**Required action**
If a line of the records contains the string "InverseVarianceWeighting", copy it out.

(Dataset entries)
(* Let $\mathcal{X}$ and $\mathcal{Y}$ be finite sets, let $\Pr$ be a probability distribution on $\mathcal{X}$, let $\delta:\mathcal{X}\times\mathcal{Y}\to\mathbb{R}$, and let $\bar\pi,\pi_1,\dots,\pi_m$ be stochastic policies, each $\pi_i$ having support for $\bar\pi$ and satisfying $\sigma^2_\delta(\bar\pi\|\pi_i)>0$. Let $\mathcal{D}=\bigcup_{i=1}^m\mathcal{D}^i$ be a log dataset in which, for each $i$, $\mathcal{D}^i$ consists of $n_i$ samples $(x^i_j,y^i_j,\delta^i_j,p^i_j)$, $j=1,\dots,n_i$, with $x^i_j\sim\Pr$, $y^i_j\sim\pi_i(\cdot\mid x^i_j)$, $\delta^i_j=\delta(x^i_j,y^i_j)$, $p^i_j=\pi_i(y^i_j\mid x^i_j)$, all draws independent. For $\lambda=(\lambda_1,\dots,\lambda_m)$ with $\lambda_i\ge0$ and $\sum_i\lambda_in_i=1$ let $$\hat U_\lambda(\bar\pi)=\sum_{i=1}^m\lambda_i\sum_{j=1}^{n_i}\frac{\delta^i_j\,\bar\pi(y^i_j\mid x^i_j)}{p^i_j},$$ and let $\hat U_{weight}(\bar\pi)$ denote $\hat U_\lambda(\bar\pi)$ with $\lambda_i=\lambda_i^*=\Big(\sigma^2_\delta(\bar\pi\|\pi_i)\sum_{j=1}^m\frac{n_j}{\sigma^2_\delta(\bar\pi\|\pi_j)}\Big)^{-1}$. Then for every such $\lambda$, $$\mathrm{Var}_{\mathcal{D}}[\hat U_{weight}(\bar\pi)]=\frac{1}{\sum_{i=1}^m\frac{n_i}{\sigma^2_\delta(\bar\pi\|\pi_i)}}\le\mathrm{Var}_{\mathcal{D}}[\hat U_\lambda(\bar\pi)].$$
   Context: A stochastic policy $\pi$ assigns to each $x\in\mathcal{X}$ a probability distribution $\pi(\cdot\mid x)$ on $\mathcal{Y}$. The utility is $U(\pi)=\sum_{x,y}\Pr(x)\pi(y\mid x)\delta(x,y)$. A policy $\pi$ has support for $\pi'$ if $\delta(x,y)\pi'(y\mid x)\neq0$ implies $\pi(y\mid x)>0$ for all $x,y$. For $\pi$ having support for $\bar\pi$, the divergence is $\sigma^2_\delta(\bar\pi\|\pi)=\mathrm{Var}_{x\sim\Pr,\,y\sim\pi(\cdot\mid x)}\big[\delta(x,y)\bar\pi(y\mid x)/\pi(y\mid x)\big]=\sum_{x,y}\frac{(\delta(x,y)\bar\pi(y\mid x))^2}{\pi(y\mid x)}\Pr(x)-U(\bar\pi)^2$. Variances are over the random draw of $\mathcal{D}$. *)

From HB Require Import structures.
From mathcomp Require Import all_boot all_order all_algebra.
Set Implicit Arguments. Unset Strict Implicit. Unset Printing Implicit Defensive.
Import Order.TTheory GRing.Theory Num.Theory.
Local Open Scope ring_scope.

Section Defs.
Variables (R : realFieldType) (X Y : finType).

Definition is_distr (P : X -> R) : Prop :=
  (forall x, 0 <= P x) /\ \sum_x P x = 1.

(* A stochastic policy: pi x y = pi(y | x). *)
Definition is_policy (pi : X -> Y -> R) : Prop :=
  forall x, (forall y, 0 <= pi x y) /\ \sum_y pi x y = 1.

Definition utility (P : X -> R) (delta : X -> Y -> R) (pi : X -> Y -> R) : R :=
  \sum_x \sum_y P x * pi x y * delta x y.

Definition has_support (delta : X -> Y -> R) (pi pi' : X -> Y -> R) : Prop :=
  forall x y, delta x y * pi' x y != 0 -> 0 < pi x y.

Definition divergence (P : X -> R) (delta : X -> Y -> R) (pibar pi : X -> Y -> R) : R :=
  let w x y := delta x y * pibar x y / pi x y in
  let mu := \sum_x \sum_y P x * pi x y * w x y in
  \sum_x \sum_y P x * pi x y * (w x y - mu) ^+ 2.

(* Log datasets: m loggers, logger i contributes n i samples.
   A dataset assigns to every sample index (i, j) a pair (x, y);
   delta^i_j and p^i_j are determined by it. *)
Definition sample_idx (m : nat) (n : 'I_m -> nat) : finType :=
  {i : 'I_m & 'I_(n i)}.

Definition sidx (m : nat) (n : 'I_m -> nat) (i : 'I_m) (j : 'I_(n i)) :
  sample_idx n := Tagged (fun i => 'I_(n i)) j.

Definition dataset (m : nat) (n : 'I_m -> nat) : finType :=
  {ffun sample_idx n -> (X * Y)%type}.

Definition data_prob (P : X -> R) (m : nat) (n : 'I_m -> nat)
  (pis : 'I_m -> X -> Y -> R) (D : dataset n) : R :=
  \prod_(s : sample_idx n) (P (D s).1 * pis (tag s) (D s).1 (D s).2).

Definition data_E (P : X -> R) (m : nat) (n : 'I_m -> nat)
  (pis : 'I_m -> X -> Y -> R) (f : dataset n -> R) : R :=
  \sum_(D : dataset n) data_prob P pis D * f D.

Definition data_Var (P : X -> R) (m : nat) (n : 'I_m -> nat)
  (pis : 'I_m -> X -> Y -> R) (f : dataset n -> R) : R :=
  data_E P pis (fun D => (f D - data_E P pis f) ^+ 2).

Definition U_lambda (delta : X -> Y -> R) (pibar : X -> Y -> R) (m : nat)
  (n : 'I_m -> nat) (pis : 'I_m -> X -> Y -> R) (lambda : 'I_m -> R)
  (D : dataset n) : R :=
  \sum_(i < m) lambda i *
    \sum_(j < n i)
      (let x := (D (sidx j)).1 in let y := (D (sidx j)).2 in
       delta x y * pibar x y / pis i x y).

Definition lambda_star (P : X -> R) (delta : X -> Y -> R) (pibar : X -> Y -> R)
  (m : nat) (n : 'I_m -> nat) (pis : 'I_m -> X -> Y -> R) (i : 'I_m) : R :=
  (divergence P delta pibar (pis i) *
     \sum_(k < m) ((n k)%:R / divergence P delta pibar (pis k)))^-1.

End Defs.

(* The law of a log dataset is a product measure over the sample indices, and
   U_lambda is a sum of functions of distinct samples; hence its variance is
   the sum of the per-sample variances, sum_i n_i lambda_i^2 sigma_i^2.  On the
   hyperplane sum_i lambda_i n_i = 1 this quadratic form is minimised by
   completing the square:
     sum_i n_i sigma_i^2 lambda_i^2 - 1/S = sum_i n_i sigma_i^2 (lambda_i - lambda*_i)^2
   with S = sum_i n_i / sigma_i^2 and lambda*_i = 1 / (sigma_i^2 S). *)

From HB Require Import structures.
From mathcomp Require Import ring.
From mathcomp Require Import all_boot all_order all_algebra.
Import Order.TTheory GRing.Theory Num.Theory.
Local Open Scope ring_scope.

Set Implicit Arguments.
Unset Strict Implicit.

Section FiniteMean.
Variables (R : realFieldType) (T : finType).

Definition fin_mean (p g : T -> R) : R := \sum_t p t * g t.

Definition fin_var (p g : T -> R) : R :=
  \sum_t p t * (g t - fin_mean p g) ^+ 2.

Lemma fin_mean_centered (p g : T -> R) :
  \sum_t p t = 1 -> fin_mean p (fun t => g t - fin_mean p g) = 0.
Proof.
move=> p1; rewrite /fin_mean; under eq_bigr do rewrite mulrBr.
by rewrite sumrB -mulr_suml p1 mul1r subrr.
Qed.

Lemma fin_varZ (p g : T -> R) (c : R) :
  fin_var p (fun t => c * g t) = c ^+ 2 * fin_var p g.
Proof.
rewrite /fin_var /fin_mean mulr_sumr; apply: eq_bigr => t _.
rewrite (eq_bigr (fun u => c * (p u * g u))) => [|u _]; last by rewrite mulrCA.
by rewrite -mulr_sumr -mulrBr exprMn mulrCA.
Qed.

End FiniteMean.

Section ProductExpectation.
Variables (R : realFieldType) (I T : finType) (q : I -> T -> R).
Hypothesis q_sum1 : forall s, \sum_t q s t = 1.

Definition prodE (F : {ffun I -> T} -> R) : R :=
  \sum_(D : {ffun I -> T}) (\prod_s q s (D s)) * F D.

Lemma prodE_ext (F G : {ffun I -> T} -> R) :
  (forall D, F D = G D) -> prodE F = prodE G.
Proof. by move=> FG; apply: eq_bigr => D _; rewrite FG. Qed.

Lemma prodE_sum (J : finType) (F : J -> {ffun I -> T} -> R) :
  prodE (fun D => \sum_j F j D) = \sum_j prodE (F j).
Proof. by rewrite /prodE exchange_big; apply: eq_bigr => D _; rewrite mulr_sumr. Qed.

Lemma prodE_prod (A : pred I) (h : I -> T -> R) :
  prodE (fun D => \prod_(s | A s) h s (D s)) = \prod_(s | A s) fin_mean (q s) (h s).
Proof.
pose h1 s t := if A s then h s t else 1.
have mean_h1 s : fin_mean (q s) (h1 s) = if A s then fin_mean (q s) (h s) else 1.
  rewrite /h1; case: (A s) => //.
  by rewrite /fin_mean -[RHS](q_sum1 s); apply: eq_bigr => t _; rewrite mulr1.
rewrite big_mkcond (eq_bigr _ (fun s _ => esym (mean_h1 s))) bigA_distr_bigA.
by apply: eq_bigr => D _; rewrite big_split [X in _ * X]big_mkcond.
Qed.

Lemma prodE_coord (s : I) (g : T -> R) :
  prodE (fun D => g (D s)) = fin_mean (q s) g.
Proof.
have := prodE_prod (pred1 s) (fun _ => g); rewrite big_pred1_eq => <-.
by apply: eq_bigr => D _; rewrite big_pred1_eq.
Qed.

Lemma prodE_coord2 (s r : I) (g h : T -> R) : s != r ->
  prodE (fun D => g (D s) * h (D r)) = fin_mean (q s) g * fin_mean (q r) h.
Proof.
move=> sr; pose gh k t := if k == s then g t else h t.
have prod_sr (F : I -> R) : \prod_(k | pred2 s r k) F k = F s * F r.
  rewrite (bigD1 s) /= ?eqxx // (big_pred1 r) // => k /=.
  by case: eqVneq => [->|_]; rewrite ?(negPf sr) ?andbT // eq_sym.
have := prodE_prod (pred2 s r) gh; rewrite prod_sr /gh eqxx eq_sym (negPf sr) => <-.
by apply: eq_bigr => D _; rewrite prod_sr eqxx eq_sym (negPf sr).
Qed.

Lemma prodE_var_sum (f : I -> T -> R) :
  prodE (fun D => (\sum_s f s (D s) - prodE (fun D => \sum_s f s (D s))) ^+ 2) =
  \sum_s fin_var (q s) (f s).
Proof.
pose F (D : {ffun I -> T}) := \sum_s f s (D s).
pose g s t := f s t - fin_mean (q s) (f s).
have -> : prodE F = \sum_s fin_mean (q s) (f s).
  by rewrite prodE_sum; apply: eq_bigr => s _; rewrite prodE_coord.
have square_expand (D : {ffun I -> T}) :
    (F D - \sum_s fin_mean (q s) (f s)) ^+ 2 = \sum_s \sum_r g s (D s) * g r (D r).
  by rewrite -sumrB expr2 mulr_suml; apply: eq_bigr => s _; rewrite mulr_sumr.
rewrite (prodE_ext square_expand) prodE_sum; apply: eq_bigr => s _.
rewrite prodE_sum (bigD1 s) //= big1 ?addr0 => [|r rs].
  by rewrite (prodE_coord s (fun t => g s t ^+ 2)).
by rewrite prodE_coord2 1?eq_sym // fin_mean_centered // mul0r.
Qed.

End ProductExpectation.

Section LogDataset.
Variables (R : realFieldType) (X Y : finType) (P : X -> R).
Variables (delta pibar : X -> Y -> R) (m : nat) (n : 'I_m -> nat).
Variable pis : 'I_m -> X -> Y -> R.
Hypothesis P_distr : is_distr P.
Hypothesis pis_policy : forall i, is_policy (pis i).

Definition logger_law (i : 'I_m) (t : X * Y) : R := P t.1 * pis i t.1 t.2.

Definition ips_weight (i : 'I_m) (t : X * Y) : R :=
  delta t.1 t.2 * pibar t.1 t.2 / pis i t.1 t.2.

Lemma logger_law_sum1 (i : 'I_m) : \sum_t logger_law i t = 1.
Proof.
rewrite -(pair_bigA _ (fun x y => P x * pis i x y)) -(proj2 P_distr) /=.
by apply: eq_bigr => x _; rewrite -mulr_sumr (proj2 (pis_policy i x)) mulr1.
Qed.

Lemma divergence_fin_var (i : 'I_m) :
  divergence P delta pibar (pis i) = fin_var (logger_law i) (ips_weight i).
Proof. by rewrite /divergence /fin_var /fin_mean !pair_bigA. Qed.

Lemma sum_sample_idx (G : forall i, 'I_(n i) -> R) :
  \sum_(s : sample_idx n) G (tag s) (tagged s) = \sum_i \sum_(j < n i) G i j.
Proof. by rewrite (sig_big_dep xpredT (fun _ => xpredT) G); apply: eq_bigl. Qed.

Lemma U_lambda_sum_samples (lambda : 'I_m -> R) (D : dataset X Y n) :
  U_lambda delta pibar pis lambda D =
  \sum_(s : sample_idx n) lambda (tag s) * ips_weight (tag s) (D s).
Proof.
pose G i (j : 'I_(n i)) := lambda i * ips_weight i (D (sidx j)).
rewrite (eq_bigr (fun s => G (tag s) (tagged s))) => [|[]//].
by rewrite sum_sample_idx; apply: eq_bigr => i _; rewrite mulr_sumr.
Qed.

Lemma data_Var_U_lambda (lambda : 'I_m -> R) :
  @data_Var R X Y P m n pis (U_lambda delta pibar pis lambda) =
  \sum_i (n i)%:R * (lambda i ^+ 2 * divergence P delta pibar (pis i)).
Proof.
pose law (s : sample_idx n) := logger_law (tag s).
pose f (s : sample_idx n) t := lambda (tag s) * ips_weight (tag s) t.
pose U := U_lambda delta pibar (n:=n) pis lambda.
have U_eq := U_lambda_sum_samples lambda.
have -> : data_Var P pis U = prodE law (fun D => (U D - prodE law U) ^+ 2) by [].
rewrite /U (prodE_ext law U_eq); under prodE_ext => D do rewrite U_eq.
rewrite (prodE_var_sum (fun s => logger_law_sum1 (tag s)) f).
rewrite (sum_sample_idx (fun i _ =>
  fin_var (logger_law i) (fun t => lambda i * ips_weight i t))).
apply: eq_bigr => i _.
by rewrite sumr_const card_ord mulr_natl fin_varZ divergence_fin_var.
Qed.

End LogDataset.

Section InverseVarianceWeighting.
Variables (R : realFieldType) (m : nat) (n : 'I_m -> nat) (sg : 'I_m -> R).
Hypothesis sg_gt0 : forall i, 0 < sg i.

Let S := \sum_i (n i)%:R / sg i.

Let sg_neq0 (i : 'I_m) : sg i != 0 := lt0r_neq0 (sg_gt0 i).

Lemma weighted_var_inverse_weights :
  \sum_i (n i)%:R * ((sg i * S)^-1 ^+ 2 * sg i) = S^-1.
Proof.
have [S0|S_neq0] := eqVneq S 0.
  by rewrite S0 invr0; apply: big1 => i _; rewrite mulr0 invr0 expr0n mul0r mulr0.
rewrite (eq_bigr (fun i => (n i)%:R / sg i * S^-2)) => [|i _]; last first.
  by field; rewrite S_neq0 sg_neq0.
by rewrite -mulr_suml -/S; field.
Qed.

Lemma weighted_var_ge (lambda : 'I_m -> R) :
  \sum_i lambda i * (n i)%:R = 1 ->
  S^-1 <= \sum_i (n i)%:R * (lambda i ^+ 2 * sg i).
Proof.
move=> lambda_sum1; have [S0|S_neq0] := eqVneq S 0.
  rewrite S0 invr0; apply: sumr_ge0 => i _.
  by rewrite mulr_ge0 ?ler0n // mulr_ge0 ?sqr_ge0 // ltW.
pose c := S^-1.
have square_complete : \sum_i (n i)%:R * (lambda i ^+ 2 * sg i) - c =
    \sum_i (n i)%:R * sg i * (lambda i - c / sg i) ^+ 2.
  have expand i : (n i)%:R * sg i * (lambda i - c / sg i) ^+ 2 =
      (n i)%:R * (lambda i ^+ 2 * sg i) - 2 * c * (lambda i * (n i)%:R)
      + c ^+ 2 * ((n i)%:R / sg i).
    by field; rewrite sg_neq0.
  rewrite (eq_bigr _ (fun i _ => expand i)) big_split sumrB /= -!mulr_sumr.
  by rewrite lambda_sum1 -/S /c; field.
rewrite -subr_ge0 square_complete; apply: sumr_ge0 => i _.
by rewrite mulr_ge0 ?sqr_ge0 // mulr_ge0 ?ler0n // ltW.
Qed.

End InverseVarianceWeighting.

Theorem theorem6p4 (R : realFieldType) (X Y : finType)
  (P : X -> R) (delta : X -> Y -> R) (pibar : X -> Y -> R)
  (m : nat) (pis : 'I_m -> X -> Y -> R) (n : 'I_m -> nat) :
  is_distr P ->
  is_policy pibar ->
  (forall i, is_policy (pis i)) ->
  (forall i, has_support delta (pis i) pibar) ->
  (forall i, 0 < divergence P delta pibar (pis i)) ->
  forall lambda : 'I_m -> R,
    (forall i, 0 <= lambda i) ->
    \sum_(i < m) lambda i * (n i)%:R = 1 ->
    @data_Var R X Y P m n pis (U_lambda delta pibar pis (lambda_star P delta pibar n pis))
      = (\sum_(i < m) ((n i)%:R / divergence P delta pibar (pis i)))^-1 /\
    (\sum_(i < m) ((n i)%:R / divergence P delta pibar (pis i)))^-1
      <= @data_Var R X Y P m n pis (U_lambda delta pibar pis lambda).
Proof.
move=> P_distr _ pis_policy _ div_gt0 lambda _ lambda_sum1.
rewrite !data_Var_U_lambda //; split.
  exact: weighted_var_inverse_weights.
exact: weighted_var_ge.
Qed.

**Task result**
Section InverseVarianceWeighting.
End InverseVarianceWeighting.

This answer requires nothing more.